§ **What the task asks**
Search string "Arguments": state how many lines in the material below contain it, and nothing else.

═════ Material supplied ═════

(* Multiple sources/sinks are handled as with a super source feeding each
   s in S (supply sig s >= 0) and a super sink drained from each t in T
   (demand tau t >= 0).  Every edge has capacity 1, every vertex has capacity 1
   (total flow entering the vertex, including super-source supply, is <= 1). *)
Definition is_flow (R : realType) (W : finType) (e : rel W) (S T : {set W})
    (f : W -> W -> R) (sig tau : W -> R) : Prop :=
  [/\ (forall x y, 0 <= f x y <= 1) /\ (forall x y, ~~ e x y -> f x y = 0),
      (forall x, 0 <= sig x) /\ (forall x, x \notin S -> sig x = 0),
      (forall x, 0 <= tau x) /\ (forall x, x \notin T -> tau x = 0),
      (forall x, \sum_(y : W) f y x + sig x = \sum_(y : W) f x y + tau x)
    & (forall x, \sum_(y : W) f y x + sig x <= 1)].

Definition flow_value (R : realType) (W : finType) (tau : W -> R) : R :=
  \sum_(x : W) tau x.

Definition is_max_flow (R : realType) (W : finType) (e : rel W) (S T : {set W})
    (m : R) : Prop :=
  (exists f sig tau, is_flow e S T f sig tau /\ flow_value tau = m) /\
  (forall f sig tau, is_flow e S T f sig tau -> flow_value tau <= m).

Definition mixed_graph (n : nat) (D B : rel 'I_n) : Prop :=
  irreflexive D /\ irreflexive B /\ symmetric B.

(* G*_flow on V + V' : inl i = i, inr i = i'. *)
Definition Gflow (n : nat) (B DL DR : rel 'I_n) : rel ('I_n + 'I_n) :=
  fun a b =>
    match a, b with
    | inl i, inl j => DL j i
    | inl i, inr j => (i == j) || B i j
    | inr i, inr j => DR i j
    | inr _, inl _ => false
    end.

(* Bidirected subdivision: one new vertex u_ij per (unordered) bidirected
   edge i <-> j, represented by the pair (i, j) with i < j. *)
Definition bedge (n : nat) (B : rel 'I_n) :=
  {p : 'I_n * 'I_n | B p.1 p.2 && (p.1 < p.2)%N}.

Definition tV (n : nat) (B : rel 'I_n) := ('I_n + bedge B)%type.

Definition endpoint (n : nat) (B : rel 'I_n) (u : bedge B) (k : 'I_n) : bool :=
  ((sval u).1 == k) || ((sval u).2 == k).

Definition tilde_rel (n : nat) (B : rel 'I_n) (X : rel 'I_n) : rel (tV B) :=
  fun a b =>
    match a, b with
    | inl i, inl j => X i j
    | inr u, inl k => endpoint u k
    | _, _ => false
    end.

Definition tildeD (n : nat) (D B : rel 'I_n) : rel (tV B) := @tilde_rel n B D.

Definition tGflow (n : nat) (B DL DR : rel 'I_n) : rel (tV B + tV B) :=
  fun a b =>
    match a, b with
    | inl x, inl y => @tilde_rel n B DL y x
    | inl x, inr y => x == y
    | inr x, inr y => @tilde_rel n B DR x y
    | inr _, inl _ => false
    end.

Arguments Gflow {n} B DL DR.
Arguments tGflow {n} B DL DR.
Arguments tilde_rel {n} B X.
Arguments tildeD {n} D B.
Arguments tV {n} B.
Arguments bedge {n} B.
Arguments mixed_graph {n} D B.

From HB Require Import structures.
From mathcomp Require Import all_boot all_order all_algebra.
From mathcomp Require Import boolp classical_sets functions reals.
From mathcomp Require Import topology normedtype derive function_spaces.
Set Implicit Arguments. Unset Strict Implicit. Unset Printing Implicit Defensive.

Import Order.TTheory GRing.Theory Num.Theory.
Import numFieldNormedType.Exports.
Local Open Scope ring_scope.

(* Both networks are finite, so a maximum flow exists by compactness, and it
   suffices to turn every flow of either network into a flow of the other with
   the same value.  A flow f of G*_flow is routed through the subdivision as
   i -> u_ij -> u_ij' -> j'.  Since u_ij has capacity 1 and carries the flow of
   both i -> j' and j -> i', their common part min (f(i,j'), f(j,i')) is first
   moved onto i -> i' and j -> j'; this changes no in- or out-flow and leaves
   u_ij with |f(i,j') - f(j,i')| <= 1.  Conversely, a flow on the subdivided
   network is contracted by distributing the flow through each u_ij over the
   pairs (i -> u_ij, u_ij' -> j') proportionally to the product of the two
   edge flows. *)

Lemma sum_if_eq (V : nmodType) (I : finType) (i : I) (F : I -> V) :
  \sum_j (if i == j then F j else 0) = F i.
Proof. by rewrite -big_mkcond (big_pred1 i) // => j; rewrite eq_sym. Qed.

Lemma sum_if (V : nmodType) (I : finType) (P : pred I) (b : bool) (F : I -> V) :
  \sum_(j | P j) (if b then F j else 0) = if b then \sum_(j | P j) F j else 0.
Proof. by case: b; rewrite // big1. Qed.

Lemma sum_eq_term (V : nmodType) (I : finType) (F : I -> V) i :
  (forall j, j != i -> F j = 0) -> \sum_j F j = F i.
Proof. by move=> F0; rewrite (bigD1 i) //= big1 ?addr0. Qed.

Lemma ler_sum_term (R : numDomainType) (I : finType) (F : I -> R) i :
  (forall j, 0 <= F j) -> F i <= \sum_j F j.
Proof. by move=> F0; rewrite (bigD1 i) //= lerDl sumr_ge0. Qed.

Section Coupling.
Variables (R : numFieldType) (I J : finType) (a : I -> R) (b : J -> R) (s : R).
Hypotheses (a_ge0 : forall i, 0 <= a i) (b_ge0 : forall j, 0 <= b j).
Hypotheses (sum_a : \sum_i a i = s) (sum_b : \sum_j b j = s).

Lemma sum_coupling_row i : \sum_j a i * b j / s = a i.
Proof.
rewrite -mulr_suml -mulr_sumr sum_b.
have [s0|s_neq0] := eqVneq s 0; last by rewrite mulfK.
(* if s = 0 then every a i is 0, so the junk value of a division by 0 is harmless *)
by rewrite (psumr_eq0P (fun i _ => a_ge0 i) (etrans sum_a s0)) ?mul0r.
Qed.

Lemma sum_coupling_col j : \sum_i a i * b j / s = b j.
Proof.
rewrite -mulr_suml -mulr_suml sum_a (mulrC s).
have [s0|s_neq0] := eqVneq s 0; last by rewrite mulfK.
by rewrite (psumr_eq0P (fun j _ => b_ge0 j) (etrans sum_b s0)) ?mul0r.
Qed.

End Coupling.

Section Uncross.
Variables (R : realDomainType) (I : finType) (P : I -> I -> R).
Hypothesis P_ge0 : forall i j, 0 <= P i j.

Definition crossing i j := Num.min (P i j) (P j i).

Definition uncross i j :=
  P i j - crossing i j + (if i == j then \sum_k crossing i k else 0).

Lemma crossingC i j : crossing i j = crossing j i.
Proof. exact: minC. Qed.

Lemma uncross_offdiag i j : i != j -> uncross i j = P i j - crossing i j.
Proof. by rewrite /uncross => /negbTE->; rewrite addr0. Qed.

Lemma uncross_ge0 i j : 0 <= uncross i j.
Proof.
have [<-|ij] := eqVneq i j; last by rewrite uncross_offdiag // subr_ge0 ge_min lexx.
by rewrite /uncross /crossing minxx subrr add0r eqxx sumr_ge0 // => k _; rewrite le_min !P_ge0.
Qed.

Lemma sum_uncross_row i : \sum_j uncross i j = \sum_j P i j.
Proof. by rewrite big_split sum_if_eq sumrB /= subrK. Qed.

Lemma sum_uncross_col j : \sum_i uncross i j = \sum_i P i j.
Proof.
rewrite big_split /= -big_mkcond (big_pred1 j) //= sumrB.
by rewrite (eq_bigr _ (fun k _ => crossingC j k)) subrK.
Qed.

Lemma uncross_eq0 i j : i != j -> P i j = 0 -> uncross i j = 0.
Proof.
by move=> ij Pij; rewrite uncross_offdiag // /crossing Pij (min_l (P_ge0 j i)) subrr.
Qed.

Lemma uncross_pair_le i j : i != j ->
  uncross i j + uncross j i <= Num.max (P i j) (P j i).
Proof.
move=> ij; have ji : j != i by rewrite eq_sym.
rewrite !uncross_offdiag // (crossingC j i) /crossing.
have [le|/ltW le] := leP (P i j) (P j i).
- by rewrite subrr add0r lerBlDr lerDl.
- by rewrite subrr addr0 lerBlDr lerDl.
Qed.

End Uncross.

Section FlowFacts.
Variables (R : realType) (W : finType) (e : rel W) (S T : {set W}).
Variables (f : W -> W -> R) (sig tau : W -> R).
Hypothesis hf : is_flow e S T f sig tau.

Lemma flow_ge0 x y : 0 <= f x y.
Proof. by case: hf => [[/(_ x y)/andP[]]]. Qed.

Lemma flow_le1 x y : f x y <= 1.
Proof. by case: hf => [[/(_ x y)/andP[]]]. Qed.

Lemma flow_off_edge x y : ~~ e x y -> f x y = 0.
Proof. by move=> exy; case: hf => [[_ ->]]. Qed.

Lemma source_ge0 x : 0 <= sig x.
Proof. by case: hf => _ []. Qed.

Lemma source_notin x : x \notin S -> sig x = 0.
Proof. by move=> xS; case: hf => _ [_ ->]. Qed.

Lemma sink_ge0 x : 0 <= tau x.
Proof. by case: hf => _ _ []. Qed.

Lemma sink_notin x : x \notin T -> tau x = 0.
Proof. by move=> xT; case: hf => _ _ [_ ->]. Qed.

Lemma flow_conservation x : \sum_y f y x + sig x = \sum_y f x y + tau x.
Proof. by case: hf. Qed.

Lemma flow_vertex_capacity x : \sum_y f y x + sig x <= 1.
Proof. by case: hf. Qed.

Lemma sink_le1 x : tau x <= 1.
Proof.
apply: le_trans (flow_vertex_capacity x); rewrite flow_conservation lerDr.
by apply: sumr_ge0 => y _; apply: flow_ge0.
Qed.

═════
═════ Material supplied ═════

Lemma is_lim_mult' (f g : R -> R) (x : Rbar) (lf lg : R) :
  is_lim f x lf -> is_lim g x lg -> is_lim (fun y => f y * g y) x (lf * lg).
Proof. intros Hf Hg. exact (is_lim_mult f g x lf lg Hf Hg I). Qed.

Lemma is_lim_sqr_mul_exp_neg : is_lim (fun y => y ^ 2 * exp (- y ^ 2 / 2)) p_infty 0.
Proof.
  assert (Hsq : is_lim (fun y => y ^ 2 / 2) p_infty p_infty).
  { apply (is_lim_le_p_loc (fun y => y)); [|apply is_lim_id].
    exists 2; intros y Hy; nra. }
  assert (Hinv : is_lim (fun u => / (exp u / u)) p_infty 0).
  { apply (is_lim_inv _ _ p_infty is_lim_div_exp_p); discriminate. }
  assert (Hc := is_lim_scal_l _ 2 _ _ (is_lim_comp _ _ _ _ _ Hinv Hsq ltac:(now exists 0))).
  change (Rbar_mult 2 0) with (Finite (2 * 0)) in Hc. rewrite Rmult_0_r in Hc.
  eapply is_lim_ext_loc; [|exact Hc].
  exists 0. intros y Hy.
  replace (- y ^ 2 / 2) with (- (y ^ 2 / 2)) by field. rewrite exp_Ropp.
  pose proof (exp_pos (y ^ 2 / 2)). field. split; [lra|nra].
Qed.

═════

§ **Output of the task**
8